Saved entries
========================
(* Let $L\subset\mathbb{R}$ be a real multiquadratic field of rank $t$, i.e. $L/\mathbb{Q}$ is Galois with $\mathrm{Gal}(L/\mathbb{Q})\cong(\mathbb{Z}/2\mathbb{Z})^t$, and let $\epsilon_1,\dots,\epsilon_{2^t-1}$ be the fundamental units of the $2^t-1$ quadratic subfields of $L$. Then the subspace of $\mathbb{F}_2^{2^t}$ spanned by the signatures (in $L$) of $-1,\epsilon_1,\dots,\epsilon_{2^t-1}$ has dimension at most $t+1$, and this maximum value $t+1$ is attained when every $\epsilon_i$ has norm $-1$.
   Context: For a totally real field $F$ of degree $n$ and $0\neq\alpha\in F$, the signature of $\alpha$ is the vector in $\mathbb{F}_2^n$ whose entry at a real embedding $v$ of $F$ is $0$ if $v(\alpha)>0$ and $1$ if $v(\alpha)<0$. *)

From HB Require Import structures.
From mathcomp Require Import all_boot all_order all_algebra all_fingroup all_solvable all_field.
From mathcomp Require Import reals.
Set Implicit Arguments. Unset Strict Implicit. Unset Printing Implicit Defensive.
Import Order.TTheory GRing.Theory Num.Theory.
Local Open Scope ring_scope.

Definition integral_over_Z (L : fieldExtType rat) (x : L) : Prop :=
  exists p : {poly int}, p \is monic /\ root (map_poly intr p) x.

Definition unit_of_integers (L : fieldExtType rat) (K : {subfield L}) (u : L) : Prop :=
  [/\ u \in K, u != 0, integral_over_Z u & integral_over_Z u^-1].

Definition fundamental_unit (L : fieldExtType rat) (K : {subfield L}) (eps : L) : Prop :=
  unit_of_integers K eps /\
  forall u, unit_of_integers K u -> exists (b : bool) (k : int), u = (-1) ^+ b * eps ^ k.

(* The real embeddings of a Galois field L, given one real embedding iota
   (L ⊂ R), are exactly iota \o sigma, sigma in Gal(L/Q). *)
Definition signature (L : splittingFieldType rat) (R : realType) (iota : {rmorphism L -> R})
  (a : L) : {ffun gal_of {:L} -> ('F_2)^o} :=
  [ffun s : gal_of {:L} => if iota (s a) < 0 then 1 else 0].

From HB Require Import structures.
From mathcomp Require Import all_boot all_order all_algebra all_fingroup all_solvable all_field.
From mathcomp Require Import reals.
Set Implicit Arguments. Unset Strict Implicit. Unset Printing Implicit Defensive.
Import Order.TTheory GRing.Theory Num.Theory.
Local Open Scope ring_scope.

(* Let K be a quadratic subfield and H = Gal(L/K), of index 2 in G = Gal(L/Q).
   Every s in G acts on K either trivially or as a fixed s0 notin H, so the
   signature of e in K is a combination of the all-ones vector sig(-1) and of
   the F_2-character chi_K = [s notin H] of G.  As G = (Z/2)^t, the
   F_2-characters of G span a space of dimension at most t: this gives the
   upper bound.  If N(e) = e * s0(e) = -1, the two conjugates of e have
   opposite signs and chi_K itself lies in the span.  The 2^t - 1 characters
   chi_K are distinct and nonzero, so they span a space of dimension at least
   t; it vanishes at 1, hence misses sig(-1). *)

Lemma dimv_add_line (F : fieldType) (vT : vectType F) (U : {vspace vT}) v :
  v \notin U -> \dim (<[v]> + U) = (\dim U).+1.
Proof.
move=> notUv; have v_neq0 : v != 0 by apply: contraNneq notUv => ->; apply: mem0v.
rewrite dimv_disjoint_sum ?dim_vline ?v_neq0 //; apply/eqP; rewrite -subv0.
apply/subvP => _ /memv_capP[/vlineP[k ->] Ukv]; rewrite memv0 scaler_eq0.
by apply/orP; left; apply: contraNT notUv => k_neq0; rewrite -(scalerK k_neq0 v) rpredZ.
Qed.

Lemma dimv_ge_card (F : finFieldType) (T : finType) (U : {vspace {ffun T -> F^o}}) n :
  (#|F| ^ n <= #|U|)%N -> (n <= \dim U)%N.
Proof. by rewrite card_vspace leq_exp2l ?finNzRing_gt1. Qed.

Lemma span_ffun_eq0 (T : finType) (F : fieldType) (X : seq {ffun T -> F^o}) (x : T) :
  {in X, forall f : {ffun T -> F^o}, f x = 0} ->
  {in <<X>>%VS, forall f : {ffun T -> F^o}, f x = 0}.
Proof.
move=> X0 f /(@coord_span _ _ _ (in_tuple X)) ->; rewrite sum_ffunE big1 // => i _.
by rewrite ffunE X0 ?scaler0 ?mem_nth.
Qed.

Lemma Z2_cases (z : 'Z_2) : z = 0 \/ z = 1.
Proof. by case: z => [[|[|//]] ?]; [left | right]; apply: val_inj. Qed.

Lemma F2_chars_dim (gT : finGroupType) (t : nat) :
    ([set: gT] \isog [set: 'rV['Z_2]_t])%g ->
  exists2 W : {vspace {ffun gT -> ('F_2)^o}}, (\dim W <= t)%N &
    forall chi : {ffun gT -> ('F_2)^o},
      {morph chi : x y / (x * y)%g >-> x + y} -> chi \in W.
Proof.
case/isogP=> f injf fT.
(* ['Z_2] and ['F_2] are both ['I_2], with the same addition. *)
pose coord_char j : {ffun gT -> ('F_2)^o} := [ffun x => f x 0 j : 'F_2].
exists <<[seq coord_char j | j : 'I_t]>>%VS.
  by rewrite (leq_trans (dim_span _)) // size_map size_enum_ord.
move=> chi chiM; pose psi w := chi (invm injf w).
have psiD : {morph psi : v w / v + w}.
  by move=> v w; rewrite /psi -chiM -morphM ?fT ?inE.
have psi0 : psi 0 = 0 by apply: (addrI (psi 0)); rewrite -psiD !addr0.
have -> : chi = \sum_j psi (delta_mx 0 j) *: coord_char j.
  apply/ffunP => x; rewrite sum_ffunE.
  have -> : chi x = psi (f x) by rewrite /psi invmE ?inE.
  rewrite {1}(row_sum_delta (f x)) (big_morph psi psiD psi0).
  apply: eq_bigr => j _; rewrite !ffunE.
  by case: (Z2_cases (f x 0 j)) => ->; rewrite ?scale0r ?psi0 ?scaler0 // scale1r; apply/esym/mulr1.
by apply: rpred_sum => j _; apply/rpredZ/memv_span; rewrite map_f ?mem_enum.
Qed.

Section IndexTwo.
Local Open Scope group_scope.
Variable gT : finGroupType.

Definition index2_char (H : {set gT}) : {ffun gT -> ('F_2)^o} := [ffun x => (x \notin H)%:R].

Lemma index2_char_inj : injective index2_char.
Proof.
move=> A B /ffunP eqAB; apply/setP => x; have := eqAB x; rewrite !ffunE.
by case: (x \in A); case: (x \in B) => //= /eqP.
Qed.

Variables G H : {group gT}.
Hypotheses (sHG : H \subset G) (iHG : #|G : H| = 2).

Lemma index2_mem_mul : {in G &, forall x y, (x * y \in H) = ((x \in H) == (y \in H))}.
Proof.
move=> x y Gx Gy; have [Hx|notHx] := boolP (x \in H); first by rewrite groupMl.
have [Hy|notHy] := boolP (y \in H); first by rewrite groupMr // (negbTE notHx).
have: x \in H :* y^-1 by rewrite (rcoset_index2 sHG iHG) !inE ?groupV ?notHx ?notHy.
by case/rcosetP=> h Hh ->; rewrite mulgKV Hh.
Qed.

Lemma index2_charM : {in G &, {morph index2_char H : x y / x * y >-> (x + y)%R}}.
Proof.
move=> x y Gx Gy; rewrite !ffunE index2_mem_mul //.
by case: (x \in H); case: (y \in H) => //=; rewrite ?addr0 ?add0r //; apply/eqP.
Qed.

End IndexTwo.

Lemma index_gal (F0 : fieldType) (L : splittingFieldType F0) (k K E : {subfield L}) :
  (k <= K <= E)%VS -> galois k E -> #|'Gal(E / k) : 'Gal(E / K)|%g = \dim_k K.
Proof.
move=> /andP[skK sKE] galkE; have galKE : galois K E by apply: galoisS galkE; rewrite skK.
rewrite -divgS ?galS // -!galois_dim //.
have /dvdnP[a dE] := field_dimS sKE; have /dvdnP[b dK] := field_dimS skK.
have a_gt0 : (0 < a)%N by have := adim_gt0 E; rewrite dE muln_gt0 => /andP[].
by rewrite dE dK mulnA !mulnK ?adim_gt0 // -mulnA mulnK ?mulKn // -dK adim_gt0.
Qed.

Lemma mem_gal1 (F0 : fieldType) (L : splittingFieldType F0) (E : {subfield L})
  (x : gal_of E) : x \in 'Gal(E / 1%AS)%g.
Proof. by rewrite gal_kAut ?sub1v // kAut1E limg_gal subvv. Qed.

Lemma gal_subfield_inj (F0 : fieldType) (L : splittingFieldType F0) :
  galois 1 {:L} -> injective (fun K : {subfield L} => 'Gal({:L} / K)%g).
Proof.
move=> galL K1 K2 /= eqGal; apply/val_inj.
have galKL (K : {subfield L}) : galois K {:L} by apply: galoisS galL; rewrite sub1v subvf.
by rewrite /= -(galois_fixedField (galKL K1)) eqGal (galois_fixedField (galKL K2)).
Qed.

Section QuadraticSubfield.
Variables (L : splittingFieldType rat) (K : {subfield L}).
Hypotheses (galL : galois 1 {:L}) (dimK : \dim K = 2%N).

Local Notation H := 'Gal({:L} / K)%g.

Lemma gal_quadratic_index : #|'Gal({:L} / 1%AS) : H|%g = 2.
Proof. by rewrite index_gal ?sub1v ?subvf // dimv1 divn1. Qed.

Lemma gal_quadratic_mem_mul (s t : gal_of {:L}) :
  ((s * t)%g \in H) = ((s \in H) == (t \in H)).
Proof. by rewrite (index2_mem_mul (galS _ (sub1v K)) gal_quadratic_index) ?mem_gal1. Qed.

Lemma gal_quadratic_charM : {morph index2_char H : s t / (s * t)%g >-> s + t}.
Proof. by move=> s t; rewrite (index2_charM (galS _ (sub1v K)) gal_quadratic_index) ?mem_gal1. Qed.

Lemma gal_quadratic_exists_notin : exists s0, s0 \notin H.
Proof.
have : ~~ ('Gal({:L} / 1%AS) \subset H)%g by rewrite -indexg_gt1 gal_quadratic_index.
by case/subsetPn => s0 _ notHs0; exists s0.
Qed.

Variable s0 : gal_of {:L}.
Hypothesis notHs0 : s0 \notin H.

Lemma gal_quadratic_act (s : gal_of {:L}) :
  {in K, forall e, s e = if s \in H then e else s0 e}.
Proof.
move=> e Ke; have [Hs | notHs] := ifPn; first exact: fixed_gal (subvf K) Hs Ke.
have Hss0 : (s * s0^-1)%g \in H.
  by rewrite gal_quadratic_mem_mul groupV (negbTE notHs) (negbTE notHs0).
by rewrite -(mulgKV s0 s) galM ?memvf // (fixed_gal (subvf K) Hss0 Ke).
Qed.

(* s0 e is fixed by every h in H, because s0 * h acts on K as s0 does. *)
Lemma gal_quadratic_stable : {in K, forall e, s0 e \in K}.
Proof.
move=> e Ke; have galKL : galois K {:L} by apply: galoisS galL; rewrite sub1v subvf.
rewrite -(galois_fixedField galKL); apply/fixedFieldP => [|h Hh]; first exact: memvf.
have notHs0h : (s0 * h)%g \notin H by rewrite gal_quadratic_mem_mul Hh (negbTE notHs0).
by rewrite -galM ?memvf // (gal_quadratic_act (s0 * h)%g) // (negbTE notHs0h).
Qed.

Lemma gal_quadratic_restrict (x : gal_of K) : x = 1%g \/ {in K, x =1 s0}.
Proof.
have homx : kHom 1 K x by rewrite -gal_kHom ?sub1v ?mem_gal1.
have [|s _ xs] := kHom_to_gal _ (normalFieldf 1) homx; first by rewrite sub1v subvf.
have sK := gal_quadratic_act s; case: (s \in H) sK => sK; [left | right].
  by apply/eqP/gal_eqP => a Ka; rewrite xs // sK // gal_id.
by move=> a Ka; rewrite xs // sK.
Qed.

Lemma galNorm_quadratic : {in K, forall e, galNorm 1 K e = e * s0 e}.
Proof.
move=> e Ke.
have s0K : (s0 @: K <= K)%VS.
  by apply/subvP => _ /memv_imgP[a Ka ->]; apply: gal_quadratic_stable.
pose x0 := gal K s0; have x0E : {in K, x0 =1 s0} := galK s0K.
have x0_neq1 : x0 != 1%g.
  apply: contra notHs0 => /eqP x01; rewrite gal_kHom ?subvf //.
  by apply/kAHomP => a Ka; rewrite -x0E // x01 gal_id.
have galKE : 'Gal(K / 1%AS)%g =i [set 1%g; x0].
  move=> x; rewrite mem_gal1 !inE; case: (gal_quadratic_restrict x) => [->|xs].
    by rewrite eqxx.
  by apply/esym/orP; right; apply/gal_eqP => a Ka; rewrite xs ?x0E.
rewrite /galNorm (eq_bigl _ _ galKE) big_setU1 ?big_set1 ?inE 1?eq_sym //=.
by rewrite gal_id x0E.
Qed.

Variables (R : realType) (iota : {rmorphism L -> R}).

Lemma signature_quadratic e : e \in K ->
  signature iota e = signature iota e 1%g *: signature iota (-1)
                     + (signature iota e 1%g + signature iota e s0) *: index2_char H.
Proof.
move=> Ke; apply/ffunP => s.
have sigE : signature iota e s = if s \in H then signature iota e 1%g else signature iota e s0.
  by rewrite !ffunE gal_quadratic_act // gal_id; case: (s \in H).
move: (signature iota e 1%g) (signature iota e s0) sigE => a b ->.
rewrite !ffunE !rmorphN1 oppr_lt0 ltr01; case: (s \in H) => /=.
  by rewrite scaler0 addr0; apply/esym/mulr1.
by rewrite -scalerDl addrA (addrr_pchar2 (pchar_Fp _)) ?add0r //; apply/esym/mulr1.
Qed.

Lemma signature_norm_neg e : e \in K -> galNorm 1 K e = -1 ->
  signature iota e 1%g + signature iota e s0 = 1.
Proof.
move=> Ke; rewrite galNorm_quadratic // => normE.
have : iota e * iota (s0 e) < 0 by rewrite -rmorphM normE rmorphN1 oppr_lt0 ltr01.
rewrite !ffunE gal_id mulr_lt0 => /and3P[_ _].
by case: (iota e < 0); case: (iota (s0 e) < 0) => //= _; rewrite ?addr0 ?add0r.
Qed.

End QuadraticSubfield.

Section SignatureSpan.
Variables (L : splittingFieldType rat) (R : realType) (iota : {rmorphism L -> R}).
Variables (n : nat) (Ks : 'I_n -> {subfield L}) (eps : 'I_n -> L).
Hypotheses (galL : galois 1 {:L}) (dimKs : forall i, \dim (Ks i) = 2%N).
Hypothesis epsK : forall i, eps i \in Ks i.

Let V := <<signature iota (-1) :: [seq signature iota (eps i) | i : 'I_n]>>%VS.
Let chi i := index2_char 'Gal({:L} / Ks i)%g.

Lemma signatureN1 (s : gal_of {:L}) : signature iota (-1) s = 1.
Proof. by rewrite ffunE !rmorphN1 oppr_lt0 ltr01. Qed.

Lemma signatureN1_in_span : signature iota (-1) \in V.
Proof. by rewrite memv_span ?mem_head. Qed.

Lemma signature_in_span i : signature iota (eps i) \in V.
Proof. by rewrite memv_span // inE image_f ?orbT. Qed.

Lemma dim_signature_span_le t :
  ([set: gal_of {:L}] \isog [set: 'rV['Z_2]_t])%g -> (\dim V <= t.+1)%N.
Proof.
case/F2_chars_dim => W dimW charW.
have VW : (V <= <[signature iota (-1)]> + W)%VS.
  apply/span_subvP => _ /predU1P[-> | /imageP[i _ ->]].
    exact: subvP (addvSl _ _) _ (memv_line _).
  have [s0 notHs0] := gal_quadratic_exists_notin galL (dimKs i).
  rewrite (signature_quadratic galL (dimKs i) notHs0 iota (epsK i)).
  by rewrite memv_add ?rpredZ ?memv_line ?charW //; apply: gal_quadratic_charM.
apply: leq_trans (dimvS VW) (leq_trans (dimv_add_leqif _ _).1 _).
by rewrite dim_vline; apply: leq_add (leq_b1 _) dimW.
Qed.

Lemma index2_char_in_span i : galNorm 1 (Ks i) (eps i) = -1 -> chi i \in V.
Proof.
move=> normE; have [s0 notHs0] := gal_quadratic_exists_notin galL (dimKs i).
have := signature_quadratic galL (dimKs i) notHs0 iota (epsK i).
rewrite (signature_norm_neg galL (dimKs i) notHs0 iota (epsK i) normE) scale1r => sigE.
rewrite -(addKr (signature iota (eps i) 1%g *: signature iota (-1)) (chi i)) -sigE.
by rewrite rpredD ?rpredN ?rpredZ ?signatureN1_in_span ?signature_in_span.
Qed.

Lemma dim_signature_span_ge t : injective Ks ->
  (forall i, galNorm 1 (Ks i) (eps i) = -1) -> (2 ^ t <= n.+1)%N -> (t.+1 <= \dim V)%N.
Proof.
move=> injKs normE le_2t_n.
pose U := <<[seq chi i | i : 'I_n]>>%VS.
have UV : (U <= V)%VS by apply/span_subvP => _ /mapP[i _ ->]; apply: index2_char_in_span.
have U_eq0 : {in U, forall f : {ffun gal_of {:L} -> ('F_2)^o}, f 1%g = 0}.
  by apply: span_ffun_eq0 => _ /mapP[i _ ->]; rewrite ffunE group1.
have notUs : signature iota (-1) \notin U.
  by apply/negP => /U_eq0; rewrite signatureN1 => /eqP; rewrite oner_eq0.
have chi_neq0 i : chi i != 0.
  have [s0 notHs0] := gal_quadratic_exists_notin galL (dimKs i).
  by apply/negP => /eqP/ffunP/(_ s0); rewrite !ffunE notHs0 => /eqP; rewrite oner_eq0.
have injchi : injective chi by move=> i j /index2_char_inj/(gal_subfield_inj galL)/injKs.
pose chis0 := (0 : {ffun gal_of {:L} -> ('F_2)^o}) |: [set chi i | i : 'I_n].
have card_chi : #|chis0| = n.+1.
  rewrite cardsU1 card_imset // card_ord; case: imsetP => // -[i _ /esym/eqP].
  by rewrite (negbTE (chi_neq0 i)).
have chi_U : chis0 \subset U.
  apply/subsetP => _ /setU1P[-> | /imsetP[i _ ->]]; first exact: mem0v.
  by rewrite memv_span ?map_f ?mem_enum.
have dimU : (t <= \dim U)%N.
  by apply: dimv_ge_card; rewrite card_Fp // (leq_trans le_2t_n) // -card_chi subset_leq_card.
have sUV : (<[signature iota (-1)]> + U <= V)%VS.
  by rewrite subv_add -memvE signatureN1_in_span.
by rewrite (leq_trans _ (dimvS sUV)) // dimv_add_line.
Qed.

End SignatureSpan.

Theorem proposition6p2 (L : splittingFieldType rat) (R : realType)
  (iota : {rmorphism L -> R}) (t : nat)
  (HGal : galois 1%AS {:L})
  (Hrank : ('Gal({:L} / 1%AS) \isog [set: 'rV['Z_2]_t])%g)
  (Ks : 'I_(2 ^ t - 1) -> {subfield L}) (eps : 'I_(2 ^ t - 1) -> L)
  (HKinj : injective Ks)
  (HKquad : forall i, \dim (Ks i) = 2%N)
  (Heps : forall i, fundamental_unit (Ks i) (eps i)) :
  let V := <<signature iota (-1) :: [seq signature iota (eps i) | i : 'I_(2 ^ t - 1)]>>%VS in
  (\dim V <= t.+1)%N /\
  ((forall i, galNorm 1%AS (Ks i) (eps i) = -1) -> \dim V = t.+1).
Proof.
move=> V; have epsK i : eps i \in Ks i by case: (Heps i) => [[]].
have GT : 'Gal({:L} / 1%AS)%g = [set: gal_of {:L}] by apply/setP => s; rewrite inE mem_gal1.
rewrite GT in Hrank; have le_dimV := dim_signature_span_le iota HGal HKquad epsK Hrank.
split=> // normE; apply/eqP; rewrite eqn_leq le_dimV /=.
apply: (dim_signature_span_ge iota HGal HKquad epsK HKinj normE).
by rewrite subn1 prednK ?expn_gt0.
Qed.
(* Let $\mathbf{C}$ be a category of $\mathbf{FI}$ type and $P$ a character polynomial of degree $\leq c$. Then the expectation $\mathbb{E}_{G_d}[P]:=\frac{1}{|G_d|}\sum_{\sigma\in G_d}P(\sigma)$ does not depend on $d$ for all objects $d\geq c$. Furthermore, if $P$ is the character of a free $\mathbf{C}$-module, then $\mathbb{E}_{G_d}[P]$ is a non-negative integer for every $d$ and is monotonically non-decreasing in $d$ (i.e. $\mathbb{E}_{G_d}[P]\leq\mathbb{E}_{G_e}[P]$ whenever $d\leq e$).
   Context: A category $\mathbf{C}$ is of $\mathbf{FI}$ type if: (1) all Hom-sets are finite; (2) every morphism is a monomorphism and every endomorphism is an isomorphism; (3) for all objects $c,d$ the group $G_d=\mathrm{Aut}_{\mathbf{C}}(d)$ acts transitively on $\mathrm{Hom}_{\mathbf{C}}(c,d)$; (4) for every $d$ only finitely many isomorphism classes of $c$ have $\mathrm{Hom}(c,d)\neq\emptyset$; (5) every pair $c_1\to d\leftarrow c_2$ has a pullback, and every pair $f_i:p\to c_i$ has a weak push-out, i.e. a commutative pullback square $g_i:c_i\to d$ such that for every other pullback square $h_i:c_i\to z$ with $h_1f_1=h_2f_2$ there is a unique $h:d\to z$ with $hg_i=h_i$. Write $c\leq d$ (or $d\geq c$) if $\mathrm{Hom}(c,d)\neq\emptyset$. Binomial set: $\binom{d}{c}=\mathrm{Hom}(c,d)/G_c$. For a conjugacy class $\mu\subseteq G_c$ (write $|\mu|=c$), $\binom{X}{\mu}$ is the class function on every $G_d$ given by $\sigma\mapsto\#\{[f]\in\binom{d}{c}:\exists\psi\in\mu,\ \sigma f=f\psi\}$. A character polynomial is a $\mathbb{C}$-linear combination of these; it has degree $\leq d$ if each $\binom{X}{\mu}$ appearing nontrivially has $|\mu|\leq d$. For a finite-dimensional $G_c$-representation $V$, $\mathrm{Ind}_c(V)$ is the $\mathbf{C}$-module $d\mapsto\mathbb{C}[\mathrm{Hom}(c,d)]\otimes_{\mathbb{C}[G_c]}V$; a free $\mathbf{C}$-module is a finite direct sum of these, and its character assigns to each $G_d$ the character of its value at $d$. *)

From HB Require Import structures.
From mathcomp Require Import all_boot all_order all_algebra.
From mathcomp Require Import complex Rstruct.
========================
Taking the records above, retype every line from the one with "have notUs : signature iota (-1) \notin U." down to the one with "by rewrite memv_span ?map_f ?mem_enum.", exactly and with nothing else.

have notUs : signature iota (-1) \notin U.
  by apply/negP => /U_eq0; rewrite signatureN1 => /eqP; rewrite oner_eq0.
have chi_neq0 i : chi i != 0.
  have [s0 notHs0] := gal_quadratic_exists_notin galL (dimKs i).
  by apply/negP => /eqP/ffunP/(_ s0); rewrite !ffunE notHs0 => /eqP; rewrite oner_eq0.
have injchi : injective chi by move=> i j /index2_char_inj/(gal_subfield_inj galL)/injKs.
pose chis0 := (0 : {ffun gal_of {:L} -> ('F_2)^o}) |: [set chi i | i : 'I_n].
have card_chi : #|chis0| = n.+1.
  rewrite cardsU1 card_imset // card_ord; case: imsetP => // -[i _ /esym/eqP].
  by rewrite (negbTE (chi_neq0 i)).
have chi_U : chis0 \subset U.
  apply/subsetP => _ /setU1P[-> | /imsetP[i _ ->]]; first exact: mem0v.
  by rewrite memv_span ?map_f ?mem_enum.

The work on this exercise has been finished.